As an aside, the sinew package is helpful if you're looking to check for functions without their relative packages appended: Append namespace to functions in script — pretty_namespace • sinew

1 Like

We try to fully qualify the function names as too often names can be replace with other packages, helps to ensure you don't miss imports, and like you indicate helps other know which select filter function you are using.

3 Likes

For what it's worth, I tend to err on the side of caution and clarity and use the fully qualified call i.e. dplyr::select(). This is on top of the #' @importFrom dplyr select

2 Likes

I think the important bits is the following bulled points from 1.1.3 at Writing R Extensions

Packages whose namespace only is needed to load the package using library(pkgname) should be listed in the ‘Imports’ field and not in the ‘Depends’ field. Packages listed in import or importFrom directives in the NAMESPACE file should almost always be in ‘Imports’ and not ‘Depends’.
Packages that need to be attached to successfully load the package using library(pkgname) must be listed in the ‘Depends’ field.

If you are calling functions from a package they should be listed in the Imports . I think Depends attaches all functions from a package listed there. I have never used Depends myself. I'd also note that usethis::use_package("pkg_name") also lists the package under Imports .I'd probably opt for @importFrom dplyr select in my own code.

1 Like

Someone once added MASS to an automated process, and by doing so, unknowingly masked dplyr::select(). Because it was a long process that ran in the middle of the night, it was hard to diagnose, and I looked in the most obvious places first. TL;DR it took me 4 hours to figure out what was going wrong.
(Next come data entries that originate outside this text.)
Lemma deg_rank_Lpencil k d : (k <= d.+1)%N -> (k * d.+2 <= deg_rank d (Lpoly k))%N.
Proof.
move=> le_kd; rewrite /deg_rank; set F := linfun (coef_mulmx _ _ (Lpoly k)).
(* Vectors of lker F are ((-X)^j x_0)_j with deg x_0 <= d - k: T reads off x_0. *)
pose E0 := map_mx polyC (delta_mx 0 0 : 'M[C]_(1, k.+1)).
pose T := linfun (coef_mulmx d.+1 (d.+1 - k) E0).
have E0E X : (E0 *m cVpoly X) ord0 ord0 = cVpoly X ord0 ord0.
  by rewrite -cVpoly_mul -rowE !mxE row_id.
have ker_FT : (lker F :&: lker T = 0)%VS.
  apply/eqP; rewrite -subv0; apply/subvP => X.
  rewrite memv_cap !memv_ker memv0 !lfunE /= => /andP[/eqP FX0 /eqP TX0].
  have Lx0 : Lpoly k *m cVpoly X = 0.
    apply: (poly_cV_eq0 _ FX0) => i.
    by apply: (size_mulmx_le (s := 1)) => [|j]; [exact: size_pencil | exact: size_cVpoly].
  have x0_eq0 : cVpoly X ord0 ord0 = 0.
    have [// | nz_x0] := eqVneq (cVpoly X ord0 ord0) 0.
    have le_x0 : (size (cVpoly X ord0 ord0) <= d.+1 - k)%N.
      have := size_cVpoly X ord_max; rewrite (Lpencil_kernel Lx0 ord_max) /=.
      by rewrite size_mul ?expf_neq0 ?oppr_eq0 ?polyX_eq0 // size_exp_oppX leq_subRL.
    have E0x0 : E0 *m cVpoly X = 0.
      by apply: (poly_cV_eq0 _ TX0) => i; rewrite (ord1 i) E0E.
    by rewrite -E0E E0x0 mxE.
  by apply/eqP/cVpoly_eq0/colP => j; rewrite (Lpencil_kernel Lx0) x0_eq0 mulr0 mxE.
have le_kerF : (\dim (lker F) <= d.+1 - k)%N.
  by rewrite -(limg_dim_eq ker_FT) (leq_trans (dimv_le_dim _)) // dim_matrix mul1r.
have := limg_ker_dim F fullv; rewrite capfv dimvf dim_matrix -[(_ * _)%R]/(k.+1 * d.+1)%N.
by rewrite !mulSn !mulnS; lia.
Qed.
Lemma fracmap_div a b : b != 0 -> fracmap f (a%:F / b%:F) = (f a)%:F / (f b)%:F.
Proof.
move=> b0; rewrite /fracmap; set r := repr _.
have d0 : \d_r != 0 := denom_ratioP r.
have /eqP := frac_reprE (a%:F / b%:F); rewrite -/r.
rewrite eqr_div ?tofrac_eq0 // -!tofracM tofrac_eq => /eqP e.
apply/eqP; rewrite eqr_div ?tofrac_eq0 ?f_neq0 // -!tofracM tofrac_eq.
by rewrite -!rmorphM e.
Qed.

Lemma fracmap_tofrac a : fracmap f a%:F = (f a)%:F.
Proof.
by rewrite -[a%:F]divr1 -tofrac1 fracmap_div ?oner_neq0 // rmorph1 tofrac1 divr1.
Qed.

Lemma fracmap_is_zmod_morphism : zmod_morphism (fracmap f).
Proof.
move=> x y; have [a [b [b0 ->]]] := frac_divP x; have [c [d [d0 ->]]] := frac_divP y.
rewrite (fracmap_div a b0) (fracmap_div c d0).
rewrite -!mulNr -!tofracN !addf_div ?tofrac_eq0 ?f_neq0 //.
rewrite -!tofracM -!tofracD fracmap_div ?mulf_neq0 //.
by rewrite rmorphD !rmorphM rmorphN.
Qed.

Lemma fracmap_is_monoid_morphism : monoid_morphism (fracmap f).
Proof.
split; first by rewrite -tofrac1 fracmap_tofrac rmorph1.
move=> x y; have [a [b [b0 ->]]] := frac_divP x; have [c [d [d0 ->]]] := frac_divP y.
rewrite (fracmap_div a b0) (fracmap_div c d0) !mulf_div -!tofracM.
by rewrite fracmap_div ?mulf_neq0 // !rmorphM.
Qed.

End FracMap.

Lemma mpolyXU_inj (R : nzRingType) (n : nat) :
  injective (fun i : 'I_n => 'X_i : {mpoly R[n]}).
Proof.
move=> i j /(congr1 (mcoeff U_(j))); rewrite /= !mcoeffXU eqxx.
by case: eqP => // _ /eqP; rewrite eq_sym oner_eq0.
Qed.

Lemma msymXU (R : nzRingType) (n : nat) (s : 'S_n) (i : 'I_n) :
  msym s ('X_i : {mpoly R[n]}) = 'X_(s i).
Proof. by rewrite /msym mmapX mmap1U. Qed.

Lemma msymC (R : nzRingType) (n : nat) (s : 'S_n) (c : R) :
  msym s (c%:MP : {mpoly R[n]}) = c%:MP.
Proof. exact: mmapC. Qed.

Lemma rmorph_mpolyE (R : comRingType) (n k : nat)
    (g : {rmorphism {mpoly R[n]} -> {mpoly R[k]}}) :
  (forall c, g c%:MP = c%:MP) -> forall p, g p = p \mPo [tuple g 'X_i | i < n].
Proof.
move=> gC p; rewrite comp_mpolyEX {1}[p]mpolyE rmorph_sum; apply: eq_bigr => m _.
rewrite -mul_mpolyC rmorphM gC mul_mpolyC comp_mpolyX mpolyXE_id rmorph_prod.
by congr (_ *: _); apply: eq_bigr => i _; rewrite rmorphXn tnth_mktuple.
Qed.

Lemma rmorph_subr_dvd (R : comRingType) (n : nat)
    (g : {rmorphism {mpoly R[n]} -> {mpoly R[n]}}) (d : {mpoly R[n]}) :
  (forall c, g c%:MP = c%:MP) -> (forall i, exists q, g 'X_i - 'X_i = d * q) ->
  forall p, exists q, g p - p = d * q.
Proof.
move=> gC gX p; pose D u := exists q, g u - u = d * q.
have DC a : D a%:MP by exists 0; rewrite gC subrr mulr0.
have DD u v : D u -> D v -> D (u + v).
  by case=> [qu eu] [qv ev]; exists (qu + qv); rewrite rmorphD opprD addrACA eu ev mulrDr.
have DM u v : D u -> D v -> D (u * v).
  case=> [qu eu] [qv ev]; exists (g u * qv + qu * v).
  by rewrite rmorphM -[g u](subrK u) eu -[g v](subrK v) ev; ring.
have D1 : D 1 by rewrite -mpolyC1.
rewrite [p]mpolyE; apply: (big_ind D); [by rewrite -mpolyC0 | exact: DD | move=> m _].
rewrite -mul_mpolyC mpolyXE_id; apply: (DM _ _ (DC _)).
apply: (big_ind D); [exact: D1 | exact: DM | move=> i _].
by elim: (m i) => [|k IHk]; rewrite ?expr0 // exprS; exact: DM.
Qed.

Section Actions.
Variables (R : idomainType) (n : nat).
Local Notation P := {mpoly R[n]}.
Local Notation K := {fraction P}.
Implicit Types (p : P) (x : K) (s : 'S_n) (r : 'I_n).

Definition beta_tuple r : n.-tuple P :=
  [tuple ('X_i + (if i == r then 2%:R else 0)) | i < n].

HB.instance Definition _ r :=
  GRing.RMorphism.copy (beta_poly r) (comp_mpoly (beta_tuple r)).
Based on this experience, I do two things:

  1. Always add new packages before existing ones (e.g. library(MASS) should have gone before library(dplyr))
  2. When in doubt, it does no harm at all to prepend the package name

I even went so far to try to build a tool that could tell me if I was creating a function that already existed on CRAN. It’s quite imperfect tbh. But you can try it with library(collidr); collidr::CRAN_collisions("select") (replacing ‘select’ with any function name you want to check for)

1 Like

Same experience here! Thanks for sharing the cause. The error message when dplyr's select() doesn't behave as expected is not an obvious one. To make it worse, the MASS package doesn't detach or unload as it should when asked, so I have to start a new session if I want to skip the dplyr:: part. Thus, I use dplyr::select in any scripts part of a project that requires the R Matching package (which loads MASS as a dependency) to avoid headaches!

1 Like

My assumption was that the dplyr::select option would be a bit slower because R has to find dplyr. I tried microbenchmark, but failed to find the anticipated difference.

source <- data.frame(
  stringsAsFactors = FALSE,
  URN = c("aaa", "bbb", "ccc", "ddd", "eee", "fff", "ggg"),
  VIN = c("xxx", "xxx", "yyy", "yyy", "yyy", "zzz", "abc"),
  EventDate = c("2019-04-29","2019-11-04",
                "2019-06-18","2019-11-21","2020-11-18","2020-01-27",
                "2020-08-22"),
  Q1 = c(10, 5, 8, 10, 2, 4, 3),
  Q2 = c(1, 1, 1, 1, 2, 1, 2),
  Q3 = c(1, 4, 3, 2, 1, 2, 4),
  Q4 = c(2019, 2020, 2020, 2019, 2020, 2021, 2021),
  Sequence = c(1, 2, 1, 2, 3, 0, 0)
)
microbenchmark(
  bob <- source %>% select(Q1, Q4),
  bob2 <- source %>% dplyr::select(Q1, Q4),
  times=1000000
)
#############   OUTPUT   ###################
#Unit: milliseconds
#expr                                      min     lq     mean    median
#        bob <- source %>% select(Q1, Q4) 1.7483 1.8171 1.926814 1.8482
#bob2 <- source %>% dplyr::select(Q1, Q4) 1.7561 1.8258 1.935550 1.8573
#uq      max neval
#1.8820 116.5913 1e+06
#1.8914 106.2843 1e+06

#With so many replicates this program takes a significant time to run. I let it run over night.

I tried adding a few more functions (mutate, filter, arrange, and ggplot), but the difference in execution times was too small to be significant.